Lately we've been watching a British TV show, an espionage series called The Sandbaggers. In this series, when the boss wants to send one of his agents off on a special op, he picks up a red telephone and says, "Agent So-and-so, you're on your bike." Such has been an accurate job description for me lately.
It's almost 8:30 and I'm just sitting down to dinner. Today I was lucky because I made time for a nap, but since I got up at 5:30 pm I've been feeding, bathing, and putting to bed kids. Pushing me through the day is this sense of urgency, that if I don't get up within the next 5 minutes, my schedule will be thrown off 15 minutes or more. Today my schedule has been thrown off by only 45 minutes, so like I said, I'm lucky.
Last night we were visiting friends we hadn't seen for six months, letting them meet the baby. I felt honor-bound to confide in the woman, a fifty-something who I know has never had children. "You know, I've been saying it's easy, but the truth is it's hard," I said, intending to insert an additional comment about the redemptive aspect of motherhood. But she broke in and said, "Oh, that's why I never had children." I shut my mouth.
For the past eighteen months I've seen myself as a sort of walking advertisement for motherhood: not frumpy and overweight, not stressed, not strapped for time or money, my house in order, my kid in line, et cetera. And every opportunity I've had to open my mouth I've expounded on the joys of motherhood, the pity that in today's society more people don't have children, and more of them--that I've discovered how being a stay-at-home mom has become a bona fide vocation for my life.
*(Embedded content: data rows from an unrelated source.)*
(* Let $G$ be a soluble group which is not finitely generated and such that $G\neq\langle K,L\rangle$ for any proper subgroups $K,L$ of $G$. Then $G/[G,G]$ is a quasicyclic $p$-group for some prime $p$.
   Context: A quasicyclic $p$-group is a Prüfer group $C_{p^\infty}$. *)

From mathcomp Require Import all_boot all_order all_algebra.
From Stdlib Require Import List.
Set Implicit Arguments. Unset Strict Implicit. Unset Printing Implicit Defensive.
Import Order.TTheory GRing.Theory Num.Theory.

Record group_axioms (G : Type) (mul : G -> G -> G) (one : G) (inv : G -> G) : Prop :=
  GroupAxioms {
    mulA : forall x y z, mul x (mul y z) = mul (mul x y) z;
    mul1g : forall x, mul one x = x;
    mulg1 : forall x, mul x one = x;
    mulVg : forall x, mul (inv x) x = one;
    mulgV : forall x, mul x (inv x) = one }.

Section GroupDefs.
Variables (G : Type) (mul : G -> G -> G) (one : G) (inv : G -> G).

Definition is_subgroup (H : G -> Prop) : Prop :=
  H one /\ (forall x y, H x -> H y -> H (mul x y)) /\ (forall x, H x -> H (inv x)).

Definition gen (A : G -> Prop) : G -> Prop :=
  fun x => forall H, is_subgroup H -> (forall a, A a -> H a) -> H x.

Definition proper_subgroup (H : G -> Prop) : Prop :=
  is_subgroup H /\ exists x, ~ H x.

Definition finitely_generated : Prop :=
  exists l : list G, forall x, gen (fun y => In y l) x.

Definition commg (x y : G) : G := mul (mul (inv x) (inv y)) (mul x y).

Definition commg_sub (H K : G -> Prop) : G -> Prop :=
  gen (fun z => exists h k, H h /\ K k /\ z = commg h k).

Fixpoint derived (n : nat) : G -> Prop :=
  match n with
  | O => fun _ => True
  | S m => commg_sub (derived m) (derived m)
  end.

Definition soluble : Prop :=
  exists n, forall x, derived n x -> x = one.

Definition rat_is_int (q : rat) : Prop := q \is a Num.int.

(* q + Z lies in the quasicyclic p-group Z[1/p]/Z, inside Q/Z *)
Definition p_adic_frac (p : nat) (q : rat) : Prop :=
  exists n : nat, rat_is_int (q * (p ^ n)%:R).

(* G/[G,G] is isomorphic to the quasicyclic (Pruefer) p-group C_{p^oo},
   realised as Z[1/p]/Z: phi induces (mod Z) an isomorphism of G/[G,G]
   onto Z[1/p]/Z. *)
Definition abelianization_quasicyclic (p : nat) : Prop :=
  exists phi : G -> rat,
    (forall x y, rat_is_int (phi (mul x y) - phi x - phi y)) /\
    (forall x, p_adic_frac p (phi x)) /\
    (forall q, p_adic_frac p q -> exists x, rat_is_int (phi x - q)) /\
    (forall x, rat_is_int (phi x) <-> derived 1 x).
Lemma strict_chain_lt m n : (m < n)%N -> f m `<` f n.
Proof.
move=> lt_mn; split; first exact/strict_chain_le/ltnW.
by move=> /(subset_trans (strict_chain_le lt_mn)); apply: (f_strict m).2.
Qed.

Lemma strict_chain_range_infinite : infinite_set (range f).
Proof.
have f_inj : injective f.
  move=> m n efmn; apply: contrapT => /eqP; rewrite neq_ltn => /orP [] lt.
    by have := strict_chain_lt lt; rewrite efmn; apply: properxx.
  by have := strict_chain_lt lt; rewrite efmn; apply: properxx.
move=> fin; apply: infinite_nat; rewrite -(preimage_range f).
by apply: finite_preimage fin => m n _ _; apply: f_inj.
Qed.

End StrictChains.

Section GeneratedIdeals.
Variable R : comPzRingType.
Implicit Types (I J Q : set R) (s t : seq R) (x : R).

Lemma idealB I x y : is_ideal I -> I x -> I y -> I (x - y).
Proof.
by move=> [_ [ID IM]] Ix Iy; apply: ID => //; rewrite -mulN1r; exact: IM.
Qed.

Fixpoint gen_seq s : set R :=
  if s is a :: s' then [set z | exists r y, gen_seq s' y /\ z = r * a + y]
  else [set 0].

Definition finitely_generated I := exists s, I = gen_seq s.

Lemma gen_seq_ideal s : is_ideal (gen_seq s).
Proof.
elim: s => [|a s [IH0 [IHD IHM]]] /=.
  by split=> //; split=> [x y -> ->|r x ->]; rewrite ?addr0 ?mulr0.
split; first by exists 0, 0; rewrite mul0r addr0.
split => [x y [r1 [y1 [h1 ->]]] [r2 [y2 [h2 ->]]]|c x [r [y [h ->]]]].
  exists (r1 + r2), (y1 + y2); split; first exact: IHD.
  by rewrite mulrDl -!addrA (addrCA y1).
by exists (c * r), (c * y); split; [exact: IHM | rewrite mulrDr mulrA].
Qed.

Lemma gen_seq_min s I : is_ideal I -> (forall x, x \in s -> I x) ->
  gen_seq s `<=` I.
Proof.
move=> [I0 [ID IM]]; elim: s => [|a s IH] hs x /=; first by move->.
move=> [r [y [hy ->]]]; apply: ID; first by apply/IM/hs; rewrite mem_head.
by apply: IH hy => z hz; apply: hs; rewrite inE hz orbT.
Qed.

Lemma gen_seq_cons a s : gen_seq s `<=` gen_seq (a :: s).
Proof. by move=> y hy; exists 0, y; rewrite mul0r add0r. Qed.

Lemma gen_seq_mem s x : x \in s -> gen_seq s x.
Proof.
elim: s => [|a s IH] //; rewrite inE => /orP [/eqP ->|/IH]; last first.
  exact: gen_seq_cons.
by exists 1, 0; split; [case: (gen_seq_ideal s) | rewrite mul1r addr0].
Qed.

Lemma gen_seq_cat s t y z :
  gen_seq s y -> gen_seq t z -> gen_seq (s ++ t) (y + z).
Proof.
elim: s y => [|a s IH] y /=; first by move=> -> hz; rewrite add0r.
move=> [r [y' [hy' ->]]] hz; exists r, (y' + z); split; first exact: IH.
by rewrite addrA.
Qed.

Lemma gen_seq_mulr s x y : gen_seq s y -> gen_seq [seq u * x | u <- s] (y * x).
Proof.
elim: s y => [|a s IH] y /=; first by move->; rewrite mul0r.
move=> [r [y' [hy' ->]]]; exists r, (y' * x); split; first exact: IH.
by rewrite mulrDl mulrA.
Qed.

Lemma gen_idealE n (th : 'I_n -> R) :
  gen_ideal th = gen_seq [seq th i | i <- enum 'I_n].
Proof.
elim: n th => [|n IH] th; apply/seteqP; split => x /=.
- by move=> [r ->]; rewrite big_ord0 enum_ord0.
- by rewrite enum_ord0 => ->; exists (fun _ => 0); rewrite big_ord0.
- move=> [r ->]; rewrite big_ord_recl enum_ordSl /= -map_comp; exists (r ord0).
  exists (\sum_(i < n) r (lift ord0 i) * th (lift ord0 i)); split => //.
  by rewrite -(IH (th \o lift ord0)); exists (r \o lift ord0).
- rewrite enum_ordSl /= -map_comp => -[c [y [+ ->]]].
  rewrite -(IH (th \o lift ord0)) => -[r ->].
  exists (fun i => if unlift ord0 i is Some j then r j else c).
  rewrite big_ord_recl unlift_none; congr (_ + _).
  by apply: eq_bigr => i _; rewrite liftK.
Qed.

Lemma gen_seq_gen_ideal s : gen_seq s = gen_ideal (fun i : 'I_(size s) => s`_i).
Proof. by rewrite gen_idealE map_comp val_enum_ord -/(mkseq _ _) mkseq_nth. Qed.

Lemma bigcup_chain_ideal (F : set (set R)) : F `<=` @is_ideal R -> F !=set0 ->
  total_on F subset -> is_ideal (\bigcup_(X in F) X).
Proof.
move=> Fideal [X0 FX0] Ftot; split; first by exists X0 => //; case: (Fideal X0).
split=> [x y [X FX Xx] [Y FY Yy]|r x [X FX Xx]]; last first.
  by exists X => //; case: (Fideal X FX) => _ [_]; apply.
have [XY|YX] := Ftot X Y FX FY.
  by exists Y => //; case: (Fideal Y FY) => _ [+ _]; apply => //; apply: XY.
by exists X => //; case: (Fideal X FX) => _ [+ _]; apply => //; apply: YX.
Qed.

Lemma bigcup_chain_seq (F : set (set R)) s : F !=set0 -> total_on F subset ->
  (forall x, x \in s -> (\bigcup_(X in F) X) x) ->
  exists2 J, F J & forall x, x \in s -> J x.
Proof.
move=> [X0 FX0] Ftot; elim: s => [|a s IH] hs; first by exists X0.
have [X FX Xa] := hs a (mem_head _ _).
have [Y FY Ys] : exists2 Y, F Y & forall x, x \in s -> Y x.
  by apply: IH => x xs; apply: hs; rewrite inE xs orbT.
have [XY|YX] := Ftot X Y FX FY.
  by exists Y => // x; rewrite inE => /orP [/eqP ->|/Ys]; [apply: XY|].
by exists X => // x; rewrite inE => /orP [/eqP -> //|/Ys /YX].
Qed.

Lemma bigcup_chain_fg (F : set (set R)) : F `<=` @is_ideal R -> F !=set0 ->
  total_on F subset -> finitely_generated (\bigcup_(X in F) X) ->
  exists2 J, F J & finitely_generated J.
Proof.
move=> Fideal F0 Ftot [s Fs].
have [x xs|J FJ Js] := bigcup_chain_seq (s := s) F0 Ftot.
  by rewrite Fs; exact: gen_seq_mem.
exists J => //; exists s; apply/seteqP; split; last first.
  exact: gen_seq_min (Fideal J FJ) Js.
by rewrite -Fs => x Jx; exists J.
Qed.

Definition adjoin I x := [set z | exists q r, I q /\ z = q + r * x].

Definition colon I x := [set z | I (z * x)].

Lemma adjoin_ideal I x : is_ideal I -> is_ideal (adjoin I x).
Proof.
move=> [I0 [ID IM]]; split; first by exists 0, 0; rewrite mul0r addr0.
split=> [a b [q1 [r1 [h1 ->]]] [q2 [r2 [h2 ->]]]|c a [q [r [hq ->]]]].
  exists (q1 + q2), (r1 + r2); split; first exact: ID.
  by rewrite mulrDl -!addrA (addrCA (r1 * x)).
by exists (c * q), (c * r); split; [exact: IM | rewrite mulrDr mulrA].
Qed.

Lemma sub_adjoin I x : I `<=` adjoin I x.
Proof. by move=> q Iq; exists q, 0; rewrite mul0r addr0. Qed.

Lemma adjoin_mem I x : I 0 -> adjoin I x x.
Proof. by exists 0, 1; rewrite mul1r add0r. Qed.

Lemma colon_ideal I x : is_ideal I -> is_ideal (colon I x).
Proof.
move=> [I0 [ID IM]]; split; first by rewrite /colon /= mul0r.
split=> [a b Ia Ib|c a Ia]; rewrite /colon /=.
  by rewrite mulrDl; exact: ID.
by rewrite -mulrA; exact: IM.
Qed.

Lemma sub_colon I x : is_ideal I -> I `<=` colon I x.
Proof. by move=> [_ [_ IM]] q Iq; rewrite /colon /= mulrC; exact: IM. Qed.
I wonder how many experienced mothers overheard me, thinking, "She'll learn better someday."
Well they're right. It's wrong to try and convince people that they should have kids because, like home birth, "It's really not that hard." The Catholic church claims that, in the sacrament of marriage, the husband and wife are given special graces to enable them to carry out the endless, arduous task of parenthood. Because it IS hard. More so now than ever, because there are no support systems. Oh, there's day care for women who want to work (nearly everyone), and welfare for those who can't work (presumably everyone else). But for the woman struggling through the dense tangle of overgrowth that has come to choke the road to traditional motherhood, there's no one to help--outside of her church.
So what am I saying? Am I saying that I was wrong, that motherhood isn't worth it? On the contrary. Sometimes the harder a thing is, the more worthy it is of doing. And that's definitely true of motherhood. I used to want to be a famous writer, but now I'm not so sure. My kids are going to live forever. That's what souls do. And there's nobody who's going to have more influence over them than me. Not even their dad. Each one is going to be his own person, but he will bear the unique stamp of having been my child. No one else on earth can say that.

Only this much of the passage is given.